Yasuko brought a bamboo tray with fragrant pink chunks of fish nestled in green cabbage leaves. “She’s calm now,” she told Kaoru. “The fit started when she heard someone talk about the old lord’s death. I put your food next to her bed, Kaoru. Please sit with her for a little.” Turning to Hitomaro, she said, “I promised you salmon, and here it is.” She knelt beside him and selected a tempting piece with the chopsticks. Proffering it, she added, “You mustn’t be greedy though! The master said you are to eat lightly, and I mean to make sure you behave.”
She looked so charming with her face rosy in the firelight, that a man might well forget his manners. Hitomaro enjoyed the experience of being fed, and not only because the fish was delicious and he was hungry. He swallowed and thanked her, then asked, “Why would your grandmother be upset by old Uesugi’s death?”
“Otakushi is Kaoru’s grandmother. She used to visit Takata manor just as her mother did before her. They both had the gift of foretelling the future. It’s dangerous work. Otakushi’s mother once almost lost her life. She foretold that one of the lord’s sons would kill his brother.”
Kaoru appeared beside her, eyes blazing with anger. “Yasuko. Come.”
She looked up, startled. Gathering the tray with shaking hands, she told Hitomaro, “You must rest now,” and scurried away.
* * * *
SEVEN
FLUTE PLAY
I
n the gray predawn hour of the following morning, Akitada sat hunched over his desk, reading documents from the provincial archives. From time to time his eyes moved to a twist of paper and a scrap with some childish scrawls on it, and he muttered to himself.
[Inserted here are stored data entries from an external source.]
(* Let $B>0$ and $\beta>0$. Then $\mathcal{M}_{B,\beta}$ is equal in distribution to $\mathcal{M}_{B,\mathrm{flip}}\circ\mathcal{M}_{B,0}$; that is, for every $\boldsymbol g\in\mathbb{R}^d$ and every coordinate $i\in[d]$, $\Pr\big[[\mathcal{M}_{B,\beta}]_i(\boldsymbol g)=1\big]=\Pr\big[\mathcal{M}_{B,\mathrm{flip}}\big([\mathcal{M}_{B,0}]_i(\boldsymbol g)\big)=1\big]$, where the flip is applied independently of the randomness of $\mathcal{M}_{B,0}$.
   Context: For $B>0$, $\mathrm{clip}\{g,B\}=\max\{-B,\min\{B,g\}\}$. For $\beta\ge0$, the randomized compressor $\mathcal{M}_{B,\beta}:\mathbb{R}^d\to\{-1,1\}^d$ acts independently on each coordinate: $[\mathcal{M}_{B,\beta}]_i(\boldsymbol g)=1$ with probability $\frac{B+\beta+\mathrm{clip}\{g_i,B\}}{2B+2\beta}$ and $=-1$ otherwise. The DP-flip mechanism $\mathcal{M}_{B,\mathrm{flip}}:\{-1,1\}\to\{-1,1\}$ (depending on $B$ and $\beta$) maps $b\in\{-1,1\}$ to $b$ with probability $\frac{2B+\beta}{2(B+\beta)}$ and to $-b$ otherwise; $\mathcal{M}_{B,\mathrm{flip}}\circ\mathcal{M}_{B,0}$ applies it coordinate-wise to the output of $\mathcal{M}_{B,0}$. *)

From mathcomp Require Import all_boot all_order all_algebra.
Set Implicit Arguments. Unset Strict Implicit. Unset Printing Implicit Defensive.
Import Order.TTheory GRing.Theory Num.Theory.
Local Open Scope ring_scope.

(* Outputs in {-1,1} are encoded as bool: true = +1, false = -1.
   A randomized map into {-1,1} is represented by its (discrete) output law:
   a probability mass function  bool -> R. *)

Section Defs.
Variable R : realFieldType.

Definition clip (g B : R) : R := Num.max (- B) (Num.min B g).

Definition M_law (B beta : R) (d : nat) (g : 'I_d -> R) (i : 'I_d) (b : bool) : R :=
  let p1 := (B + beta + clip (g i) B) / (2 * B + 2 * beta) in
  if b then p1 else 1 - p1.

Definition flip_kernel (B beta : R) (b b' : bool) : R :=
  let keep := (2 * B + beta) / (2 * (B + beta)) in
  if b' == b then keep else 1 - keep.

Definition compose_flip (B beta : R) (mu : bool -> R) (b' : bool) : R :=
  \sum_(b : bool) mu b * flip_kernel B beta b b'.
End Defs.

From mathcomp Require Import all_boot all_order all_algebra.
From mathcomp Require Import ring.
Import Order.TTheory GRing.Theory Num.Theory.
Local Open Scope ring_scope.

(* Measure every law on {-1,1} by the deviation of P[1] from 1/2.  For
   M_{B,beta} this deviation is clip/(2(B+beta)).  The flip keeps its input
   with probability 1/2 + B/(2(B+beta)), so it multiplies the deviation of
   any input law by B/(B+beta); applied to M_{B,0}, whose deviation is
   clip/(2B), it produces exactly the deviation of M_{B,beta}. *)

Section FlipComposition.
Variable R : realFieldType.

Lemma M_law_false (B beta : R) (d : nat) (g : 'I_d -> R) (i : 'I_d) :
  M_law B beta g i false = 1 - M_law B beta g i true.
Proof. by []. Qed.

Lemma M_law_true_centered (B beta : R) (d : nat) (g : 'I_d -> R) (i : 'I_d) :
  B + beta != 0 ->
  M_law B beta g i true = 2^-1 + clip (g i) B / (2 * (B + beta)).
Proof.
by move=> nz_Bbeta; rewrite /M_law /= -mulrDr; field.
Qed.

Lemma compose_flip_true_centered (B beta : R) (mu : bool -> R) :
  B + beta != 0 -> mu false = 1 - mu true ->
  compose_flip B beta mu true = 2^-1 + B / (B + beta) * (mu true - 2^-1).
Proof.
move=> nz_Bbeta mu_false.
by rewrite /compose_flip big_bool /flip_kernel /= mu_false; field.
Qed.

End FlipComposition.

Theorem proposition1 (R : realFieldType) (B beta : R) (d : nat)
  (hB : 0 < B) (hbeta : 0 < beta) (g : 'I_d -> R) (i : 'I_d) :
  M_law B beta g i true = compose_flip B beta (M_law B 0 g i) true.
Proof.
have nz_B : B != 0 by rewrite gt_eqF.
have nz_Bbeta : B + beta != 0 by rewrite gt_eqF ?addr_gt0.
rewrite compose_flip_true_centered ?M_law_false // !M_law_true_centered ?addr0 //.
by field; rewrite nz_B nz_Bbeta.
Qed.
Hamaya put his head in the door. “Did you wish for anything, your Excellency?”
“No, no! Just. . . you might glance outside and see if either of my lieutenants is about.”
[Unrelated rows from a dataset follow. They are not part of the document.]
Lemma schanuel G (A A' C C' : ZGmod G) (pi : A -> C) (pi' : A' -> C')
  (Hpi : is_hom G A C pi) (Hpi' : is_hom G A' C' pi') :
  F_surjective pi -> F_surjective pi' -> F_projective G A -> F_projective G A' -> iso C C' ->
  inhabited (iso (dsum A (kermod pi' Hpi')) (dsum A' (kermod pi Hpi))).
Proof.
  intros Sp Sp' PA PA' psi.
  destruct (lifting G A A' C' pi' (fun a => isof psi (pi a)) PA Hpi' Sp') as [al [Hal Eal]].
  { apply is_hom_comp; auto. apply isof_hom. }
  destruct (lifting G A' A C pi (fun a => isog psi (pi' a)) PA' Hpi Sp) as [be [Hbe Ebe]].
  { apply is_hom_comp; auto. apply isog_hom. }
  constructor.
  refine (mk_iso _ _
    (schanuel_map G A A' C C' pi pi' Hpi Hpi' _ _ al be Eal Ebe (isogf G C C' psi))
    (schanuel_map G A' A C' C pi' pi Hpi' Hpi _ _ be al Ebe Eal (isofg G C C' psi)) _).
  split; [apply schanuel_map_hom; assumption|]. split; [apply schanuel_map_hom; assumption|].
  split; intros; apply schanuel_map_inv.
Qed.

Section Corestriction.
Variables (G : Grp) (A M : ZGmod G) (f : A -> M) (S : M -> Prop) (HS : is_submod S)
  (Hf : forall x, S (f x)) (Hhom : is_hom G A M f).

Definition corestrict (x : A) : submod M S HS := exist _ (f x) (Hf x).

Lemma corestrict_hom : is_hom G A _ corestrict.
Proof. destruct Hhom as [Ha Hg]. split; intros; apply sig_eq'; [apply Ha|apply Hg]. Qed.

Lemma corestrict_ker x : corestrict x = mzero <-> f x = mzero.
Proof.
  split; intros E; [apply (f_equal (@proj1_sig _ _)) in E; exact E|apply sig_eq'; exact E].
Qed.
Hamaya disappeared. Akitada shivered, took a sip from his teacup and made a face. The tea was cold already, and no wonder in this chilly place. If he could only shake this trouble in his belly, he might have more energy, ideas, solutions. The gods knew he needed them. Neither Tora nor Hitomaro had seen fit to make their reports last night as instructed. He had waited for hours. When he had finally gone to the room he shared with his wife, she had been fast asleep. Not wanting to disturb her, he had ended up spending the night in his office, hardly closing an eye, chilled to the bone by the icy drafts coming from the doors and through the walls.
Then, this morning, on his desk, he had found the mysterious twist of paper on top of one of Tora’s illegible notes. The paper contained some mud-colored bits smelling vaguely of dried grass and resembling rabbit dung.
The door opened. Hamaya said, “Lieutenant Tora is just...”
“Sorry, sir,” Tora mumbled, slinking past the clerk and dropping onto the mat across from Akitada. He looked uncharacteristically glum and sounded apologetic. “You were asleep when I got back, so I waited in the stable. I guess I dozed off. That fool of a constable had orders to tell me the minute you were up.”
Akitada said nothing but looked disapprovingly at the pieces of straw clinging to his lieutenant’s hair and clothes. Tora fidgeted, discovered the straw, and muttered another apology, adding, “I hope Dr. Oyoshi’s medicine worked, sir.” His eyes were on the twist of paper.
“Dr. Oyoshi?” Akitada’s heavy brows rose. “This illegible scrawl is about some medicine sent by him?” he asked sarcastically. “From what I could make out, I thought your nephew’s business was ailing, and he decided to write poems in praise of constipation.”